Content starts

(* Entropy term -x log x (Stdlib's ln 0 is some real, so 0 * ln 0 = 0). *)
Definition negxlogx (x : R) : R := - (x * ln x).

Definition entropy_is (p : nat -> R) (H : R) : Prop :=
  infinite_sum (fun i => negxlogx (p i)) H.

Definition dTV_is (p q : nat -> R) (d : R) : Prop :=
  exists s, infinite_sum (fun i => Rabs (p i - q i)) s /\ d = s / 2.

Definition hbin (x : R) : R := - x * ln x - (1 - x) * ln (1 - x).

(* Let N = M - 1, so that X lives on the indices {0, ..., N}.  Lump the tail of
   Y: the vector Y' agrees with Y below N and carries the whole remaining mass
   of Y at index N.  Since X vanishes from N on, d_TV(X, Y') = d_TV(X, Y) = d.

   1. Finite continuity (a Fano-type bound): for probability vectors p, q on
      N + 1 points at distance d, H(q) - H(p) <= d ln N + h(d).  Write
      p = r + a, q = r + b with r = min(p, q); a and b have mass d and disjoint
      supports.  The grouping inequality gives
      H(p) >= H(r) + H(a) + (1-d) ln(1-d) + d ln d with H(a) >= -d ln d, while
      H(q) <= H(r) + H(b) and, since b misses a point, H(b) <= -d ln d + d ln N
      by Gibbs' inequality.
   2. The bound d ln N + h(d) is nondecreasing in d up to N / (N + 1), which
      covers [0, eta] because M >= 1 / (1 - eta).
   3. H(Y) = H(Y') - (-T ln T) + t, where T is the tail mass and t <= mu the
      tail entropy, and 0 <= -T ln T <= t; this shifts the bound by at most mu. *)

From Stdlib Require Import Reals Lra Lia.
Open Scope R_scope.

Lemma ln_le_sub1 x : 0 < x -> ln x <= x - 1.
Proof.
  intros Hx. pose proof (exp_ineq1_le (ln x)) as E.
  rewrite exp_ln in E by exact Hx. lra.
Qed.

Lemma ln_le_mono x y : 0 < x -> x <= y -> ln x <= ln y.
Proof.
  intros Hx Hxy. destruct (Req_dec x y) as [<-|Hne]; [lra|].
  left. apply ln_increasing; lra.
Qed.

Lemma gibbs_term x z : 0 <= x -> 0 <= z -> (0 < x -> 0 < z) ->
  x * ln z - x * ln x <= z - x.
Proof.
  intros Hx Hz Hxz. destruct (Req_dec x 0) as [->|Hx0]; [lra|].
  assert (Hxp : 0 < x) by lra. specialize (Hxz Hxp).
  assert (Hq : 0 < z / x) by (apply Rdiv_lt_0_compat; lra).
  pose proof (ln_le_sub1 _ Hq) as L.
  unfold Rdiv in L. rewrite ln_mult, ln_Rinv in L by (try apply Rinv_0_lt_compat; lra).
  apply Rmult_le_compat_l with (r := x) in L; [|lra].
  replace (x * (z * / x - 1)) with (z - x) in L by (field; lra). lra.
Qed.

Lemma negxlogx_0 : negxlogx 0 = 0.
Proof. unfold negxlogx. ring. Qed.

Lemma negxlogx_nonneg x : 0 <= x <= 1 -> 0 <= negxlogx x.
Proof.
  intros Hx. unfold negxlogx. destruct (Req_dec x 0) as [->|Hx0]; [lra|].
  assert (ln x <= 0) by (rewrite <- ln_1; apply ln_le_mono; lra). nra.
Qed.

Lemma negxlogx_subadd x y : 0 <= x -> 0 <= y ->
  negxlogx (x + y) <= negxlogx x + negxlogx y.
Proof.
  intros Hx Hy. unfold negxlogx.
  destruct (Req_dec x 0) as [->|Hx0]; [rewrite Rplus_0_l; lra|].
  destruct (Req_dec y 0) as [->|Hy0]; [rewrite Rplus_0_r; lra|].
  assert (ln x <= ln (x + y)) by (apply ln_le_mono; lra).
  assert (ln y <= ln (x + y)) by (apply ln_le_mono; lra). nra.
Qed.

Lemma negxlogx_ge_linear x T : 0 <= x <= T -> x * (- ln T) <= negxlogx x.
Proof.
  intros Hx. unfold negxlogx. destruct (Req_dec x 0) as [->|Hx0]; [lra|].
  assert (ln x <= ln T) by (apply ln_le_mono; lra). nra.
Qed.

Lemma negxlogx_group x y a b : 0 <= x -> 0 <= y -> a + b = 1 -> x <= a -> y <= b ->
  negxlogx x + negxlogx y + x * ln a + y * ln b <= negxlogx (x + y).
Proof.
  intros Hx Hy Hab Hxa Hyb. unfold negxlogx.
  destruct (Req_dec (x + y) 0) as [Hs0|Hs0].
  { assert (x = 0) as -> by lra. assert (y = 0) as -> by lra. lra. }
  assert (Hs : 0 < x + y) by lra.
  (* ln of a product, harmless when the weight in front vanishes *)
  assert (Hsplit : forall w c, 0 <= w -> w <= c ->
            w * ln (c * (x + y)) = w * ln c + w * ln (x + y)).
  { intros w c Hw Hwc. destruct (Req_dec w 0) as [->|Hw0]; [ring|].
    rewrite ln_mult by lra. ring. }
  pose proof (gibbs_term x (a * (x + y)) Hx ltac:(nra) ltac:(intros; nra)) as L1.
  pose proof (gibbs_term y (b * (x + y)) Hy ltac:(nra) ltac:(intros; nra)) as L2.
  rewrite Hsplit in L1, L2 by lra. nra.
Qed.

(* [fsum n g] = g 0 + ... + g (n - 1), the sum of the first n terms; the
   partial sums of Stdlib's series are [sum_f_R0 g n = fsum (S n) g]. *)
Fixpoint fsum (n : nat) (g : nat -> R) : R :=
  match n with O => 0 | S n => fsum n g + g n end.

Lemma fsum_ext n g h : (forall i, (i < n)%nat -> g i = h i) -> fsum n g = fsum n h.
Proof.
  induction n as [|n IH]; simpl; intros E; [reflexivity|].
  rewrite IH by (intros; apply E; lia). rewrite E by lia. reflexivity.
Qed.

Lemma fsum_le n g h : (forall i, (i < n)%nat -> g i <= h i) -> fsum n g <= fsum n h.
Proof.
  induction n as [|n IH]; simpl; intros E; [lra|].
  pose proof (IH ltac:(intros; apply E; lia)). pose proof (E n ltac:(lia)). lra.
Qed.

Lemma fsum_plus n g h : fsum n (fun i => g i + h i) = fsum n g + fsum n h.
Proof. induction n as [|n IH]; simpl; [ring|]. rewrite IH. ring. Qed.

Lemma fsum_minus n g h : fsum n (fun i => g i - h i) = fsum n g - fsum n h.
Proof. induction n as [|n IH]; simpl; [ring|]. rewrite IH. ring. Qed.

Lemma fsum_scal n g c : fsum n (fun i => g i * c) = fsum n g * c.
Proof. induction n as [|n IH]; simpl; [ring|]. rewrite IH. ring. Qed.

Content ends
Content starts

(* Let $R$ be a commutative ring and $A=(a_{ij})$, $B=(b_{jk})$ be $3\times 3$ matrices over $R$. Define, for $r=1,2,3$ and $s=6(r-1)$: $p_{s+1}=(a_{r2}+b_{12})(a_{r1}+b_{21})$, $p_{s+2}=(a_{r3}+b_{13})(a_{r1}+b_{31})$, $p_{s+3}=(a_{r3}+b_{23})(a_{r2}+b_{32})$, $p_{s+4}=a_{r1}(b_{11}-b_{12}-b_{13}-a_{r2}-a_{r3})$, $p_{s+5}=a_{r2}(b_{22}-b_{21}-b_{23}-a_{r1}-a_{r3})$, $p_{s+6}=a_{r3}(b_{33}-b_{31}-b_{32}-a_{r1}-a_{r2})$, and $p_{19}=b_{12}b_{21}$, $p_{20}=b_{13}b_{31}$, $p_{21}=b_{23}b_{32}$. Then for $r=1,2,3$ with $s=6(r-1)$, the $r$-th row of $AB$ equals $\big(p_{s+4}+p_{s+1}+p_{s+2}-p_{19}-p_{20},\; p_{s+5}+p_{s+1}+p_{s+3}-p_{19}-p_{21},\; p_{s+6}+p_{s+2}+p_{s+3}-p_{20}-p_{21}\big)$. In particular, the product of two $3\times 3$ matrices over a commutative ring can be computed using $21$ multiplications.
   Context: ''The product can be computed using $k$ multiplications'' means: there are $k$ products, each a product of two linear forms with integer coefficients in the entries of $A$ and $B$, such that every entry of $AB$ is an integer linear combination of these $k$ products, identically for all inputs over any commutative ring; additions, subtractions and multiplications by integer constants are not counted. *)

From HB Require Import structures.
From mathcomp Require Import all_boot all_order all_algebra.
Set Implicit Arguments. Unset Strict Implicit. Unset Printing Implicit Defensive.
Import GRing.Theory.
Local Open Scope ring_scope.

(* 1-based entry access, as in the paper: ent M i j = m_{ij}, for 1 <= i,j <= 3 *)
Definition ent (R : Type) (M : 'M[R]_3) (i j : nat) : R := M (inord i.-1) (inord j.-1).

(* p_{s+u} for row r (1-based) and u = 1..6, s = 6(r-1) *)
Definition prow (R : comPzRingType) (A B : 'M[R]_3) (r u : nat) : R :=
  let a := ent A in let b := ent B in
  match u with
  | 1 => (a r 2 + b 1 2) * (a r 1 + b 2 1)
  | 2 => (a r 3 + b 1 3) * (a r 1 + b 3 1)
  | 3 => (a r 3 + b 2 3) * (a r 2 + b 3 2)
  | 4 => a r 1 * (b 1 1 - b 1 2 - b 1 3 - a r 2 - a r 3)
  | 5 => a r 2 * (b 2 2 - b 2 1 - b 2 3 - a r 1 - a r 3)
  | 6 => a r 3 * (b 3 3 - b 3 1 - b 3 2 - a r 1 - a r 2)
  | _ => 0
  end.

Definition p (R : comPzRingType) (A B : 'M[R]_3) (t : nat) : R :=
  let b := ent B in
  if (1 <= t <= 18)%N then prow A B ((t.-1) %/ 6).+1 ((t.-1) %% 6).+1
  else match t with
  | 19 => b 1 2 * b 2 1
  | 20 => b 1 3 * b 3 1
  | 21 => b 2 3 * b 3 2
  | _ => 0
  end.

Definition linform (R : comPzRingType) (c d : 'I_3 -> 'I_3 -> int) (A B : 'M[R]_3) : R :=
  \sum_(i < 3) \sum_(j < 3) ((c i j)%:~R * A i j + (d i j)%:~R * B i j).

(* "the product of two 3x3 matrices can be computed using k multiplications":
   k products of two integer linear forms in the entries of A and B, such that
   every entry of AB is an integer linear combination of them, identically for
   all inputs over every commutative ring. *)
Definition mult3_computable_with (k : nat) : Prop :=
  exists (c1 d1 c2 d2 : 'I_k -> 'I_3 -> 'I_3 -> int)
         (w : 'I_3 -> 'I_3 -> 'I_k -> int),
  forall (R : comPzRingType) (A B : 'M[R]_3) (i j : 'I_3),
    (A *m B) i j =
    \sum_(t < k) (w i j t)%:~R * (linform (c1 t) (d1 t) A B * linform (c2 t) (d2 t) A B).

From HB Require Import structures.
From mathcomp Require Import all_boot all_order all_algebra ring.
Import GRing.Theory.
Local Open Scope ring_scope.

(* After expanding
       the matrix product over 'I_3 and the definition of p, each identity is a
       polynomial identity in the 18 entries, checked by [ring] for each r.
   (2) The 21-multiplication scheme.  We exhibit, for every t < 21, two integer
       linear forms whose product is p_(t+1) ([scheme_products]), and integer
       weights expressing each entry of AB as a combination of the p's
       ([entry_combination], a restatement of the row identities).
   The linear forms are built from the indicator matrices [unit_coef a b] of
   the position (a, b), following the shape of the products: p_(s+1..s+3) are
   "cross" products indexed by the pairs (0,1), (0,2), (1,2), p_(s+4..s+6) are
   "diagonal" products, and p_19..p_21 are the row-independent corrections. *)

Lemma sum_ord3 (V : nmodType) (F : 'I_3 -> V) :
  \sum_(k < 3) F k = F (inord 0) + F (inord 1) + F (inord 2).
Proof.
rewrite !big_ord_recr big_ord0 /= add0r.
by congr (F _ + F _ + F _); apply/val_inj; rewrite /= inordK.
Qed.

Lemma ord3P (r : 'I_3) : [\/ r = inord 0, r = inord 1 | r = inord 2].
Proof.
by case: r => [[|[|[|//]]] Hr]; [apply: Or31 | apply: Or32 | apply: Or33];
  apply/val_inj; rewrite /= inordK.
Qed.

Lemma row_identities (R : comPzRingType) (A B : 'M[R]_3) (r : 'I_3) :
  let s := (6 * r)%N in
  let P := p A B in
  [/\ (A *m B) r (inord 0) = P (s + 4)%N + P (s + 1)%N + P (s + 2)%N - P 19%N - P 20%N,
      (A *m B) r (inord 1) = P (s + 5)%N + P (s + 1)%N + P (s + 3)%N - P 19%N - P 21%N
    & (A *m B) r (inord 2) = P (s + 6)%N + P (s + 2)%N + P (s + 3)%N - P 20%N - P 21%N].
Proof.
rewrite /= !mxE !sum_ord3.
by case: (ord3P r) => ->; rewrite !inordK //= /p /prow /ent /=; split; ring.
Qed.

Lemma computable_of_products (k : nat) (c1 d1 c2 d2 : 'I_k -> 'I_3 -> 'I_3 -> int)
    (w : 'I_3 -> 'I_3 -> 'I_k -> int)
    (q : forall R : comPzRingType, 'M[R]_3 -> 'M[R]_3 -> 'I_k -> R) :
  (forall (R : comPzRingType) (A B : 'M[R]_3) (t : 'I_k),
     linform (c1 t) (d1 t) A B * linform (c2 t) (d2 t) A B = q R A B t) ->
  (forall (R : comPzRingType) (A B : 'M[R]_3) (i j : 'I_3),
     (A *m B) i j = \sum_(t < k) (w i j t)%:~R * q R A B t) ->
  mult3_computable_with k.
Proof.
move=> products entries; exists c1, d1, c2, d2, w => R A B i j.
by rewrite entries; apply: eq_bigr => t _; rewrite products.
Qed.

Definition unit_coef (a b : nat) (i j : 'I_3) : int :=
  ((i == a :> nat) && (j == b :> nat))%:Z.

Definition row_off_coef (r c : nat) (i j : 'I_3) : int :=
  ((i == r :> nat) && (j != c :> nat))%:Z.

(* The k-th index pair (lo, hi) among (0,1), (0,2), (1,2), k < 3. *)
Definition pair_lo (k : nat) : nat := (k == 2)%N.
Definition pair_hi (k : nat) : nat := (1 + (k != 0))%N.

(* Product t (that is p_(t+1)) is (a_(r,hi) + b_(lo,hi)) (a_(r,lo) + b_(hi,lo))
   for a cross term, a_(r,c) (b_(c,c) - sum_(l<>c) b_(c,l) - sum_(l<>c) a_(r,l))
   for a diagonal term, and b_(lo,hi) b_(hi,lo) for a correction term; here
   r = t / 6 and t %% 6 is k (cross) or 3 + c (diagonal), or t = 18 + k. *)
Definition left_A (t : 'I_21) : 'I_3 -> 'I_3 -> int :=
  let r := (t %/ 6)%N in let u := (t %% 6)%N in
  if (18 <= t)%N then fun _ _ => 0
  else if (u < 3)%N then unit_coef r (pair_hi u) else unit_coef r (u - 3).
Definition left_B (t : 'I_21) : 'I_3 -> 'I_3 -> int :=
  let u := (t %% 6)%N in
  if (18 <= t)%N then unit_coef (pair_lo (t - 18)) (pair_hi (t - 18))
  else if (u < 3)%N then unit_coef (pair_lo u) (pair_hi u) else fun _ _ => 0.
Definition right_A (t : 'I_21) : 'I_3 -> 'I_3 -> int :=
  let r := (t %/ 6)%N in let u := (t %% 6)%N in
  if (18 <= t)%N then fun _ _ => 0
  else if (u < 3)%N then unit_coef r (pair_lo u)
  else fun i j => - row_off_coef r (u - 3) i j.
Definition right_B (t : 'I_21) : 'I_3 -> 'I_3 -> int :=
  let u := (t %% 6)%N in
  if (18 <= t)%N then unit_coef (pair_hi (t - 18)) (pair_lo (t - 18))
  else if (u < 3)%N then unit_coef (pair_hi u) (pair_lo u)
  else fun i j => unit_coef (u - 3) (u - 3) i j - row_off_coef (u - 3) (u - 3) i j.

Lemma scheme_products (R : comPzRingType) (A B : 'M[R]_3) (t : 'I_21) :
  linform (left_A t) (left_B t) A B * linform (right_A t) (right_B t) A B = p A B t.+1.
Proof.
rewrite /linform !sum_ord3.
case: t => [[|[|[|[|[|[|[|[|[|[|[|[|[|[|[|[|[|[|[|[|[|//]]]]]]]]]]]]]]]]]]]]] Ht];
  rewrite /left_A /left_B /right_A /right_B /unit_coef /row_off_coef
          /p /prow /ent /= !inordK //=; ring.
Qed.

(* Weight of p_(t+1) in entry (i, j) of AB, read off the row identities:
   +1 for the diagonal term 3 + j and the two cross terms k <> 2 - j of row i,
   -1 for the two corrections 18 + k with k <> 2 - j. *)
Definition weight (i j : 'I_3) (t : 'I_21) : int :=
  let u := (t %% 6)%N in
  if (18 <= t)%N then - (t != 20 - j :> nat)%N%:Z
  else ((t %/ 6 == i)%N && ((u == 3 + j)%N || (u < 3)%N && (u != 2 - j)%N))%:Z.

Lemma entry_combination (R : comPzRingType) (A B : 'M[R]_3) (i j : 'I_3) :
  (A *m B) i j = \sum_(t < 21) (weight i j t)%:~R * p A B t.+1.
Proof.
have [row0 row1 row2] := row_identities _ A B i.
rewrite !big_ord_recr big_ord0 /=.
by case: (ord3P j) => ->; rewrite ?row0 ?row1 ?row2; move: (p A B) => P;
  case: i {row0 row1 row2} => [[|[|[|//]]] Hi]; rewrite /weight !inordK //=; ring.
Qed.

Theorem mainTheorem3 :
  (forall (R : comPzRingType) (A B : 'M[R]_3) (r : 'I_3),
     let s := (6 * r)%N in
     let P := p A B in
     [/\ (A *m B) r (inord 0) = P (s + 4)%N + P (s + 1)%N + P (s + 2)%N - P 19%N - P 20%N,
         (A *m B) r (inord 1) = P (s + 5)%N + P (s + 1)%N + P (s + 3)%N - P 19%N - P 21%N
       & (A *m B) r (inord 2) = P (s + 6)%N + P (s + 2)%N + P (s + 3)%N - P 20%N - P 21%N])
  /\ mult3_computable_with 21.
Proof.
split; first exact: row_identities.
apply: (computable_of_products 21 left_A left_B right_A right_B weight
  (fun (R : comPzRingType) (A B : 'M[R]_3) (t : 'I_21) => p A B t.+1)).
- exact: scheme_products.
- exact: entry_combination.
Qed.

Content ends

### WHAT IS REQUIRED
Beginning with the line that has "(* Entropy term" and ending with the line that has "infinite_sum (fun i => negxlogx (p i)) H.", set down the lines above exactly and include no others.

### TASK RESPONSE
(* Entropy term -x log x (Stdlib's ln 0 is some real, so 0 * ln 0 = 0). *)
Definition negxlogx (x : R) : R := - (x * ln x).

Definition entropy_is (p : nat -> R) (H : R) : Prop :=
  infinite_sum (fun i => negxlogx (p i)) H.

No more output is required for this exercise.